Said differently: If java is a frankenstein, so is Javascript, C#, Python, Ruby, Scala, and so on. They have to be.

I'd love to see a language whose core design principles are 100% focussed on preventing specifically that. Some sort of extreme take on versioning of a language itself that we haven't seen before. I don't really know what it looks like, but I can't recall any language that put in the kind of effort I'd want to see here. This is just a tiny sliver of what it'd take:

* The language itself is versioned, and all previous versions continue to be part of the lang spec and continue to be maintained by future compilers. At least for a long time, if not forever.

* ALL sources files MUST start with an indication about which version of the language itself they use.

* The core libraries are also versioned, and separately. Newer versions are written against old language versions, or can be used by source on old language versions.

* The system's compilers and tools are fundamentally operating on a 'project' level granularity. You can't compile individual source files. Or if you can, it's because the spec explains how a temporary nameless project is implied by such an act.

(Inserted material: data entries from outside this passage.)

(* Let $\mathcal N$ be an occurrence net, $C$ a cut of $\mathcal N$ and $c\in C$. Then $\mathit{LKC}(c)\subseteq\lfloor C\rfloor$, where $\mathit{LKC}(c)=\{p\in\mathcal P\mid p\not<c\ \text{and}\ t<c\text{ for all }t\in{}^\bullet p\}$.
   Context: A Petri net $(\mathcal P,\mathcal T,\mathcal F,\mathit{In})$ has disjoint places $\mathcal P$ and transitions $\mathcal T$, a flow relation $\mathcal F$ that is a multiset over $(\mathcal P\times\mathcal T)\cup(\mathcal T\times\mathcal P)$, and a finite multiset $\mathit{In}$ over $\mathcal P$; ${}^\bullet x(y)=\mathcal F(y,x)$, $x^\bullet(y)=\mathcal F(x,y)$, and every transition has finite nonempty pre- and postcondition. Let $<$ be the transitive closure of $\{(x,y)\mid\mathcal F(x,y)>0\}$ and $\le$ its reflexive-transitive closure; the causal past of a set $S$ of nodes is $\lfloor S\rfloor=\{y\mid y\le x\text{ for some }x\in S\}$. Nodes $x,y$ are in conflict if there is a place $p\ne x,y$ and distinct transitions $t_1,t_2\in p^\bullet$ with $t_1\le x$ and $t_2\le y$; they are concurrent if neither $x\le y$ nor $y\le x$ nor in conflict. An occurrence net is a Petri net in which pre- and postconditions of transitions are sets, every place has at most one incoming transition, $\mathit{In}=\{p\mid{}^\bullet p=\emptyset\}$, $\mathcal F^{-1}$ is well-founded, and no transition is in conflict with itself. A cut is a maximal set of pairwise concurrent places. *)

From Stdlib Require Import Relations List.

Record PetriNet := {
  place : Type;
  trans : Type;
  (* flow relation: a multiset over (P x T) u (T x P) *)
  Fpt : place -> trans -> nat;
  Ftp : trans -> place -> nat;
  In : place -> nat;
  In_finite : exists l : list place, forall p, In p > 0 -> List.In p l;
  pre_finite : forall t, exists l : list place, forall p, Fpt p t > 0 -> List.In p l;
  post_finite : forall t, exists l : list place, forall p, Ftp t p > 0 -> List.In p l;
  pre_nonempty : forall t, exists p, Fpt p t > 0;
  post_nonempty : forall t, exists p, Ftp t p > 0
}.

Definition node (N : PetriNet) : Type := (place N + trans N)%type.

Definition F (N : PetriNet) (x y : node N) : nat :=
  match x, y with
  | inl p, inr t => Fpt N p t
  | inr t, inl p => Ftp N t p
  | _, _ => 0
  end.

Definition flow (N : PetriNet) (x y : node N) : Prop := F N x y > 0.

Definition nlt (N : PetriNet) : relation (node N) := clos_trans _ (flow N).
Definition nle (N : PetriNet) : relation (node N) := clos_refl_trans _ (flow N).

Definition causal_past (N : PetriNet) (S : node N -> Prop) : node N -> Prop :=
  fun y => exists x, S x /\ nle N y x.

Definition conflict (N : PetriNet) (x y : node N) : Prop :=
  exists (p : place N) (t1 t2 : trans N),
    inl p <> x /\ inl p <> y /\ t1 <> t2 /\
    Fpt N p t1 > 0 /\ Fpt N p t2 > 0 /\
    nle N (inr t1) x /\ nle N (inr t2) y.

Definition concurrent (N : PetriNet) (x y : node N) : Prop :=
  ~ nle N x y /\ ~ nle N y x /\ ~ conflict N x y.

Definition occurrence_net (N : PetriNet) : Prop :=
  (* pre- and postconditions of transitions are sets *)
  (forall p t, Fpt N p t <= 1) /\ (forall t p, Ftp N t p <= 1) /\
  (forall p t1 t2, Ftp N t1 p > 0 -> Ftp N t2 p > 0 -> t1 = t2) /\
  (* In = { p | pre(p) = empty } (as a multiset: multiplicity 1 or 0) *)
  (forall p, (In N p = 1 /\ forall t, Ftp N t p = 0) \/
             (In N p = 0 /\ exists t, Ftp N t p > 0)) /\
  (* F^{-1} is well-founded: no infinite backward F-chain *)
  well_founded (flow N) /\
  (forall t, ~ conflict N (inr t) (inr t)).

Definition pairwise_concurrent (N : PetriNet) (C : place N -> Prop) : Prop :=
  forall p q, C p -> C q -> p <> q -> concurrent N (inl p) (inl q).

Definition cut (N : PetriNet) (C : place N -> Prop) : Prop :=
  pairwise_concurrent N C /\
  forall D : place N -> Prop, pairwise_concurrent N D ->
    (forall p, C p -> D p) -> forall p, D p -> C p.

Definition as_nodes (N : PetriNet) (C : place N -> Prop) : node N -> Prop :=
  fun x => match x with inl p => C p | inr _ => False end.

Definition LKC (N : PetriNet) (c : place N) : place N -> Prop :=
  fun p => ~ nlt N (inl p) (inl c) /\
           forall t, Ftp N t p > 0 -> nlt N (inr t) (inl c).

(* Suppose a place p of LKC(c) lies outside the causal past of C.  Every
   pre-transition of p precedes c, so anything strictly below p is strictly
   below c; as c is concurrent with the rest of C (and with itself no place
   is in conflict), this makes p concurrent with every place of C.  Then
   C + {p} is pairwise concurrent, so p is in C by maximality, contradicting
   p outside the causal past of C. *)
From Stdlib Require Import Relations Classical Transitive_Closure.

Lemma clos_rt_eq_or_t {A} {R : relation A} {x y} :
  clos_refl_trans A R x y -> x = y \/ clos_trans A R x y.
Proof.
  induction 1 as [x y Hxy | x | x y z _ [<- | Hxy] _ [<- | Hyz]]; auto.
  - right; now constructor.
  - right; now apply t_trans with y.
Qed.

Section Causality.

Context {N : PetriNet}.

Lemma nlt_nle {x y} : nlt N x y -> nle N x y.
Proof. apply clos_t_clos_rt. Qed.

Lemma nle_nlt_trans {x y z} : nle N x y -> nlt N y z -> nlt N x z.
Proof. apply clos_rt_t. Qed.

Lemma nlt_irrefl : well_founded (flow N) -> forall x, ~ nlt N x x.
Proof.
  intros Hwf x.
  induction (wf_clos_trans _ _ Hwf x) as [x _ IH].
  intros Hx; exact (IH x Hx Hx).
Qed.

(* Flow alternates between places and transitions, so the last step into a
   place comes from one of its pre-transitions. *)
Lemma nlt_place_inv {x p} :
  nlt N x (inl p) -> exists t, Ftp N t p > 0 /\ nle N x (inr t).
Proof.
  intros H; apply clos_trans_tn1 in H.
  inversion H as [y Hflow | y z Hflow Hxy]; subst.
  - destruct x as [q | t]; [inversion Hflow|].
    exists t; split; [exact Hflow | apply rt_refl].
  - destruct y as [q | t]; [inversion Hflow|].
    exists t; split; [exact Hflow | now apply nlt_nle, clos_tn1_trans].
Qed.

Lemma conflict_sym {x y} : conflict N x y -> conflict N y x.
Proof.
  intros (r & t1 & t2 & Hx & Hy & Hne & H1 & H2 & Hle1 & Hle2).
  exists r, t2, t1; repeat split; auto.
Qed.

Lemma concurrent_sym {x y} : concurrent N x y -> concurrent N y x.
Proof.
  intros (Hxy & Hyx & Hc); repeat split; auto.
  intros H; apply Hc, conflict_sym, H.
Qed.

(* Acyclicity supplies the side conditions r <> x, r <> y of a conflict. *)
Lemma conflict_of_branches {r t1 t2 x y} :
  well_founded (flow N) ->
  t1 <> t2 -> Fpt N r t1 > 0 -> Fpt N r t2 > 0 ->
  nle N (inr t1) x -> nle N (inr t2) y -> conflict N x y.
Proof.
  intros Hwf Hne H1 H2 Hx Hy.
  assert (Hr : forall t z, Fpt N r t > 0 -> nle N (inr t) z -> inl r <> z).
  { intros t z Ht Hz <-.
    apply (nlt_irrefl Hwf (inr t)), (nle_nlt_trans Hz).
    now apply t_step. }
  exists r, t1, t2; repeat split; eauto.
Qed.

End Causality.

Section OccurrenceNet.

Context {N : PetriNet}.
Hypothesis Hocc : occurrence_net N.

Let Hwf : well_founded (flow N).
Proof. apply Hocc. Qed.

Lemma place_not_self_conflict c : ~ conflict N (inl c) (inl c).
Proof.
  destruct Hocc as (_ & _ & Huniq & _ & _ & Hself).
  intros (r & t1 & t2 & _ & _ & Hne & H1 & H2 & Hle1 & Hle2).
  destruct (clos_rt_eq_or_t Hle1) as [? | Hlt1]; [discriminate|].
  destruct (clos_rt_eq_or_t Hle2) as [? | Hlt2]; [discriminate|].
  destruct (nlt_place_inv Hlt1) as (u1 & Hu1 & Hle1').
  destruct (nlt_place_inv Hlt2) as (u2 & Hu2 & Hle2').
  rewrite (Huniq c u2 u1 Hu2 Hu1) in Hle2'.
  exact (Hself u1 (conflict_of_branches Hwf Hne H1 H2 Hle1' Hle2')).
Qed.

Context {C : place N -> Prop}.
Hypothesis HC : cut N C.

Lemma cut_not_lt {q c} : C q -> C c -> ~ nlt N (inl q) (inl c).
Proof.
  intros Hq Hc Hlt.
  destruct (classic (q = c)) as [<- | Hne].
  - exact (nlt_irrefl Hwf _ Hlt).
  - destruct (proj1 HC q c Hq Hc Hne) as (Hle & _); exact (Hle (nlt_nle Hlt)).
Qed.

Lemma cut_conflict_free {q c} : C q -> C c -> ~ conflict N (inl q) (inl c).
Proof.
  intros Hq Hc.
  destruct (classic (q = c)) as [<- | Hne].
  - apply place_not_self_conflict.
  - apply (proj1 HC q c Hq Hc Hne).
Qed.

Lemma cut_maximal p :
  (forall q, C q -> concurrent N (inl p) (inl q)) -> C p.
Proof.
  intros Hp; apply (proj2 HC (fun x => C x \/ x = p)); [| now left | now right].
  intros x y [Hx | <-] [Hy | <-] Hxy.
  - exact (proj1 HC x y Hx Hy Hxy).
  - exact (concurrent_sym (Hp x Hx)).
  - exact (Hp y Hy).
  - contradiction.
Qed.

Context {c : place N}.
Hypothesis Hc : C c.

Lemma LKC_lt_c {p x} : LKC N c p -> nlt N x (inl p) -> nlt N x (inl c).
Proof.
  intros [_ Hpre] Hx.
  destruct (nlt_place_inv Hx) as (t & Ht & Hxt).
  exact (nle_nlt_trans Hxt (Hpre t Ht)).
Qed.

Lemma LKC_concurrent_cut {p q} :
  LKC N c p -> ~ causal_past N (as_nodes N C) (inl p) -> C q ->
  concurrent N (inl p) (inl q).
Proof.
  intros Hp Hpast Hq; split; [| split].
  - intros Hle; apply Hpast; now exists (inl q).
  - intros Hle; destruct (clos_rt_eq_or_t Hle) as [[= ->] | Hlt].
    + apply Hpast; exists (inl p); split; [exact Hq | apply rt_refl].
    + exact (cut_not_lt Hq Hc (LKC_lt_c Hp Hlt)).
  - intros (r & t1 & t2 & _ & _ & Hne & H1 & H2 & Hle1 & Hle2).
    destruct (clos_rt_eq_or_t Hle1) as [? | Hlt1]; [discriminate|].
    apply (cut_conflict_free Hq Hc), conflict_sym.
    exact (conflict_of_branches Hwf Hne H1 H2
             (nlt_nle (LKC_lt_c Hp Hlt1)) Hle2).
Qed.

End OccurrenceNet.

Theorem mainTheorem17 (N : PetriNet) (C : place N -> Prop) (c : place N) :
  occurrence_net N -> cut N C -> C c ->
  forall p, LKC N c p -> causal_past N (as_nodes N C) (inl p).
Proof.
  intros Hocc HC Hc p Hp.
  apply NNPP; intros Hpast.
  assert (Cp : C p).
  { apply (cut_maximal HC); intros q Hq.
    exact (LKC_concurrent_cut Hocc HC Hc Hp Hpast Hq). }
  apply Hpast; exists (inl p); split; [exact Cp | apply rt_refl].
Qed.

* All versions ship with a migrator tool, which automatically 'updates' sources written for lang ver X to lang ver X+1, automatically applying anything that has a near-zero chance of causing issues, and guiding the programmer to explicitly fixing all deprecated usages of things where an automated update is not available.

* The language inherently supports 'facades'; a way for a library at version Y to expose the API it had at version X (X is older than Y), but using the data structures of Y, thus allowing interop between 2 codebases that both use this library, one at version X and one at version Y.

That language might manage the otherwise impossible job of being 'elegant', 'simple', 'mainstream', 'suitable for serious projects', and 'actually good'.

which is kinda horrifying - it means the framework designers didn't find the language powerful enough to express app logic, and hotglued their own custom arbitrary behavior on top of it.

Clear language code should be endeavor to be readable/understandable when printed on a sheet of paper by anyone, acceptable code should be understandable by anyone who knows a bit about the technologies and has some IDE support.

Garbage code is what you have when the code in question is only understandable when you actually run it, as it uses arbitrary framework logic to wire things together based on metadata on the fly.

  • people have been gluing other languages on top of languages practically forever - it's a DSL.

    no single language is ideally suited for every situation, it's not inherently a sign of failure that someone makes a DSL.

    and since annotations are part of the language, this is still all "the language is flexible enough to build the framework [despite being wildly different than normal code]" so I don't think it even supports that part.

The ratings are really all over the place. Jshell is a 6/10? What is the rubric?